Aunque en muchas casas el pan ha sido siempre sinónimo de tradición, lo cierto es que el que encontramos hoy en los supermercados poco tiene que ver con el que preparaban nuestras abuelas. El método más habitual en la actualidad es el conocido como Chorleywood Bread Process, un sistema industrial nacido en Reino Unido durante la década de 1960 y que permite producir grandes cantidades de pan en un tiempo récord.

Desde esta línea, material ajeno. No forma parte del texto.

Lemma in_Iint (k : int) (x : R) : Iint k x <-> Num.floor x = k.
Proof. by rewrite /Iint /=; split => [/floor_def//|<-]; exact: floor_itv. Qed.

Lemma trivIset_Iint (A : set int) : trivIset A (@Iint R).
Proof. by move=> j k _ _ [x [/in_Iint <- /in_Iint]]. Qed.

Lemma finite_floor_image (E : set R) : (exists M, forall x, E x -> `|x| <= M) ->
  finite_set (Num.floor @` E).
Proof.
move=> [M EM]; set a := Num.floor (- M).
pose N := `|Num.floor M - a|%N.+1.
apply: (sub_finite_set _ (finite_image (fun n : nat => a + n%:Z) (finite_II N))).
move=> _ [x Ex <-]; have := EM x Ex; rewrite ler_norml => /andP[Mx xM].
have ax : a <= Num.floor x by exact: le_floor.
have xM' : Num.floor x <= Num.floor M by exact: le_floor.
exists `|Num.floor x - a|%N; last first.
  by rewrite gez0_abs ?subr_ge0 // addrCA subrr addr0.
rewrite /= /N ltnS -lez_nat !gez0_abs ?subr_ge0 ?(le_trans ax) //.
by rewrite lerD2r.
Qed.

End unit_intervals.

Lemma locint_ge0 {R : realType} (p : R) (g : R -> R[i]) (k : int) : (0 <= locint p g k)%E.
Proof. by apply: integral_ge0 => x _; rewrite lee_fin powR_ge0. Qed.

Section characteristic_function.
Context {R : realType} (p : R) (E : set R).
Hypotheses (p0 : 0 < p) (mE : measurable (E : set (LebR R))).

Lemma locint_cchi (k : int) : locint p (cchi E) k = leb R (E `&` Iint k).
Proof.
rewrite /locint -integral_indic //; last exact: measurable_Iint.
apply: eq_integral => x _; rewrite normc_cchi /indic.
by case: (x \in E); rewrite ?powR1 ?powR0 ?gt_eqF.
Qed.

Lemma locint_cchi_le1 (k : int) : (locint p (cchi E) k <= 1)%E.
Proof.
rewrite locint_cchi -(leb_Iint k); apply: le_measure; rewrite ?in_setE.
- exact: measurableI mE (measurable_Iint k).
- exact: measurable_Iint.
- exact: subIsetr.
Qed.

Lemma locint_cchi_eq0 (k : int) : ~ (Num.floor @` E) k -> locint p (cchi E) k = 0%E.
Proof.
move=> Ek; rewrite locint_cchi (_ : _ `&` _ = set0) ?measure0 //.
by apply/seteqP; split => // x [Ex /in_Iint xk]; apply: Ek; exists x.
Qed.

Lemma locnorm_cchi_le1 (k : int) : `|locnorm p (cchi E) k| <= 1.
Proof.
have a0 := locint_ge0 p (cchi E) k; have a1 := locint_cchi_le1 k.
have afin : locint p (cchi E) k \is a fin_num.
  by rewrite ge0_fin_numE // (le_lt_trans a1) ?ltry.
rewrite /locnorm -(fineK afin) poweR_EFin /= ger0_norm ?powR_ge0 // powR_le1 //.
- by rewrite -!lee_fin fineK ?a0.
- by rewrite divr_ge0 // ltW.
Qed.

Lemma locnorm_cchi_eq0 (k : int) : ~ (Num.floor @` E) k -> locnorm p (cchi E) k = 0.
Proof.
by move=> Ek; rewrite /locnorm locint_cchi_eq0 // poweR0r // div1r invr_neq0 // gt_eqF.
Qed.

End characteristic_function.

Section grand_norm.
Context {R : realType} (p q theta : R).

Lemma norm_grand_lt_pinfty (g : R -> R[i]) (A : set int) :
  0 < p -> 1 <= q -> 0 <= theta -> finite_set A ->
  (forall k, locint p g k <= 1)%E -> (forall k, ~ A k -> locint p g k = 0%E) ->
  (norm_grand p q theta g < +oo)%E.
Proof.
move=> p0 q1 theta0 finA g1 g_out; set C : R := #|` fset_set A|%:R.
apply: le_lt_trans (ltry (expR theta * (C + 1))).
apply: ge_ereal_sup => _ [eps /= eps0 <-].
have r0 : 0 < q * (1 + eps) / p by rewrite !divr_gt0 ?mulr_gt0 //; lra.
set S := (\esum_(k in _) _)%E.
have SC : (S <= (C * 1)%:E)%E.
  apply: esum_le_card => // [k|k Ak|k /g_out ->]; first exact: poweR_ge0.
  - rewrite -(poweR1r (q * (1 + eps) / p)); apply: gt0_ler_poweR => //; first exact: ltW.
    + by rewrite in_itv /= locint_ge0 leey.
    + by rewrite in_itv /= lee01 leey.
  - by rewrite poweR0r // gt_eqF.
have S0 : (0 <= S)%E by apply: esum_ge0 => k _; exact: poweR_ge0.
have Sfin : S \is a fin_num by rewrite ge0_fin_numE // (le_lt_trans SC) ?ltry.
rewrite -(fineK Sfin) -EFinM poweR_EFin lee_fin.
apply: le_trans (powR_grand_term_le eps0 theta0 q1 (fine_ge0 S0)) _.
rewrite ler_wpM2l ?expR_ge0 // lerD2r -lee_fin fineK //.
by rewrite mulr1 in SC.
Qed.


Lemma le_norm_grand (g : R -> R[i]) (eps : R) : 0 < eps ->
  (((eps `^ theta)%:E * \esum_(k in [set: int]) (locint p g k) `^ (q * (1 + eps) / p))
     `^ (1 / (q * (1 + eps))) <= norm_grand p q theta g)%E.
Proof. by move=> eps0; apply: ereal_sup_ubound; exists eps. Qed.

Lemma poweR_locint_le_norm_grand (g : R -> R[i]) (k : int) : 0 < p -> 0 < q ->
  ((locint p g k) `^ p^-1 <= norm_grand p q theta g)%E.
Proof.
move=> p0 q0; set r := q * (1 + 1).
have r0 : 0 < r by rewrite /r mulr_gt0 // addr_gt0.
apply: le_trans (le_norm_grand g ltr01); rewrite powR1 mul1e -/r.
have -> : (locint p g k `^ p^-1 = (locint p g k `^ (r / p)) `^ (1 / r))%E.
  by rewrite -poweRrM mul1r mulrC mulrA mulVf ?gt_eqF // mul1r.
apply: gt0_ler_poweR; first by rewrite divr_ge0 // ltW.
- by rewrite in_itv /= poweR_ge0 leey.
- by rewrite in_itv /= leey andbT esum_ge0 // => j _; exact: poweR_ge0.
apply: esum_ge; exists [set k]; first by split; [exact: finite_set1 |].
by rewrite fsbig_set1.
Qed.

Lemma norm_grand_ge0 (g : R -> R[i]) : 0 < p -> 0 < q -> (0 <= norm_grand p q theta g)%E.
Proof.
by move=> p0 q0; apply: le_trans (poweR_locint_le_norm_grand g 0 p0 q0); exact: poweR_ge0.
Qed.

Lemma integral_Iint_le_norm_grand (g : R -> R[i]) (k : int) :
  1 <= p -> 0 < q -> cmeasurable g ->
  (\int[leb R]_(x in (Iint k : set (LebR R))) (cabs (g x))%:E <= norm_grand p q theta g)%E.
Proof.
move=> p1 q0 mg; apply: le_trans (poweR_locint_le_norm_grand g k _ q0); last by lra.
apply: (integral_le_poweR_integral (measurable_Iint k) (leb_Iint k)) => //.
- exact: measurable_funTS (measurable_normc mg).
- by move=> x _; exact: normc_ge0.
Qed.

Lemma integral_le_card_norm_grand (g : R -> R[i]) (E : set R) (A : set int) :
  1 <= p -> 0 < q -> cmeasurable g -> measurable (E : set (LebR R)) -> finite_set A ->
  E `<=` \bigcup_(k in A) Iint k ->
  (\int[leb R]_(x in (E : set (LebR R))) (cabs (g x))%:E <=
    (#|` fset_set A|%:R)%:E * norm_grand p q theta g)%E.
Proof.
move=> p1 q0 mg mE finA EA.
have mU : measurable (\big[setU/set0]_(k <- fset_set A) Iint k : set (LebR R)).
  by apply: bigsetU_measurable => k _; exact: measurable_Iint.
apply: le_trans (ge0_subset_integral _ mE mU _ _ _) _.
- exact/measurable_EFinP/measurable_funTS/measurable_normc.
- by move=> x _; rewrite lee_fin normc_ge0.
- by rewrite bigsetU_fset_set.
rewrite ge0_integral_bigsetU //; last 4 first.
- exact: measurable_Iint.
- exact: trivIset_Iint.
- exact/measurable_EFinP/measurable_funTS/measurable_normc.
- by move=> x _; rewrite lee_fin normc_ge0.
rewrite mule_natl -[X in (_ <= X)%E]iter_addr_0 -count_predT -big_const_seq.
by apply: lee_sum => k _; exact: integral_Iint_le_norm_grand.
Qed.

End grand_norm.

Lemma norm_small_seq_lt_pinfty {R : realType} (q theta : R) (y : int -> R) (A : set int) :
  1 <= q -> finite_set A -> (forall k, `|y k| <= 1) -> (forall k, ~ A k -> y k = 0) ->
  (norm_small_seq q theta y < +oo)%E.
Proof.
move=> q1 finA y1 y_out; set r := conj_exp (q * (1 + 1)).
have r0 : 0 < r by rewrite /r /conj_exp divr_gt0; nra.
pose Y (k j : int) := if j == 0 then `|y k| else 0.
pose term (eps : R) (j : int) : \bar R := ((eps `^ (- theta / (q * (1 + eps))))%:E *
  poweR (\esum_(k in [set: int]) ((Y k j) `^ (conj_exp (q * (1 + eps))))%:E)
    (1 / conj_exp (q * (1 + eps))))%E.
pose C : R := #|` fset_set A|%:R.
have inf_term_ge0 (j : int) :
    (0 <= ereal_inf [set term eps j | eps in [set eps : R | (0 < eps)%R]])%E.
  by apply: le_ereal_inf_tmp => _ [eps _ <-]; rewrite mule_ge0 ?lee_fin ?powR_ge0 ?poweR_ge0.
have inf_term_le (j : int) :
    (ereal_inf [set term eps j | eps in [set eps : R | (0 < eps)%R]] <= term 1%R j)%E.
  by apply: ereal_inf_lbound; exists 1 => //=; exact: ltr01.
apply: (@le_lt_trans _ _ (\esum_(j in [set: int])
    ereal_inf [set term eps j | eps in [set eps : R | (0 < eps)%R]])%E).
  apply: ereal_inf_lbound; exists Y => //; split => [k j|k].
    by rewrite /Y; case: ifP.
  rewrite (esumID [set 0]); last by move=> j _; rewrite /Y; case: ifP.
  rewrite setTI esum_set1 /Y ?eqxx // esum1 ?adde0 // => j [_ /eqP/negPf ->] //.
apply: le_lt_trans (@esum_le_card _ _ [set 0] _ (C `^ r^-1) (finite_set1 0) _ _ _) (ltry _).
- exact: inf_term_ge0.
- move=> j /= ->; apply: le_trans (inf_term_le 0) _; rewrite /term powR1 mul1e -/r.
  have sumC : (\esum_(k in [set: int]) (Y k 0 `^ r)%:E <= C%:E)%E.
    rewrite -[C]mulr1; apply: esum_le_card => // [k|k _|k /y_out]; rewrite /Y eqxx.
    + by rewrite lee_fin powR_ge0.
    + by rewrite lee_fin powR_le1 ?normr_ge0 ?y1 ?ltW.
    + by move=> ->; rewrite normr0 powR0 ?gt_eqF.
  rewrite -poweR_EFin div1r; apply: gt0_ler_poweR => //.
  + by rewrite invr_ge0 ltW.
  + by rewrite in_itv /= leey andbT esum_ge0 // => k _; rewrite lee_fin powR_ge0.
  + by rewrite in_itv /= leey andbT lee_fin ler0n.
- move=> j /eqP j0; apply/eqP; rewrite eq_le inf_term_ge0 andbT.
  apply: le_trans (inf_term_le j) _; rewrite /term /Y (negPf j0).
  rewrite esum1 ?poweR0r ?mule0 // ?div1r ?invr_neq0 ?gt_eqF //.
  by move=> k _; rewrite powR0 // gt_eqF.
Qed.

Theorem theorem3p10 (R : realType) (p q theta : R) (E : set R) :
  1 <= p -> 1 <= q -> 0 < theta ->
  measurable (E : set (LebR R)) ->
  (exists M : R, forall x, E x -> `|x| <= M) ->
  [/\ in_grand p q theta (cchi E),
      in_small p q theta (cchi E) &
      exists cE : R, 0 < cE /\
        forall g : R -> R[i], in_grand p q theta g ->
          (\int[leb R]_(x in (E : set (LebR R))) (cabs (g x))%:E
             <= cE%:E * norm_grand p q theta g)%E].
Proof.
move=> p1 q1 theta0 mE Ebdd.
have p0 : 0 < p by lra.
have q0 : 0 < q by lra.
set A := Num.floor @` E.
have finA : finite_set A := finite_floor_image Ebdd.
have EA : E `<=` \bigcup_(k in A) Iint k.
  by move=> x Ex; exists (Num.floor x); [exists x | apply/in_Iint].
have locint_fin k : (locint p (cchi E) k < +oo)%E.
  by rewrite (le_lt_trans (locint_cchi_le1 p0 mE k)) // ltey.
split.
- split; [exact: cmeasurable_cchi | exact: locint_fin |].
  apply: (norm_grand_lt_pinfty p0 q1 (ltW theta0) finA); first exact: locint_cchi_le1.
  exact: locint_cchi_eq0.
- split; [exact: cmeasurable_cchi | exact: locint_fin |].
  apply: (norm_small_seq_lt_pinfty _ q1 finA); first exact: locnorm_cchi_le1.
  exact: locnorm_cchi_eq0.
(* [+ 1] keeps the constant positive when [E] is empty. *)
exists (#|` fset_set A|%:R + 1); split; first by rewrite ltr_wpDl.
move=> g [mg _ _].
apply: le_trans (integral_le_card_norm_grand theta p1 q0 mg mE finA EA) _.
by rewrite lee_wpmul2r ?norm_grand_ge0 // lee_fin lerDl.
Qed.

Este método revolucionó la panadería moderna gracias a su eficiencia. Pero, como todo avance acelerado, también tuvo sus consecuencias. Para compensar la falta de reposo en la fermentación natural y acelerar la producción, se comenzaron a usar aditivos, mejoradores de masa, azúcares añadidos y grasas de origen industrial. Así, lo que debería ser solo harina, agua, sal y levadura, se convirtió en una lista de más de diez ingredientes. Según diversos estudios, si tiene cinco o más componentes que no utilizarías en tu cocina habitual, hay muchas probabilidades de que sea ultraprocesado.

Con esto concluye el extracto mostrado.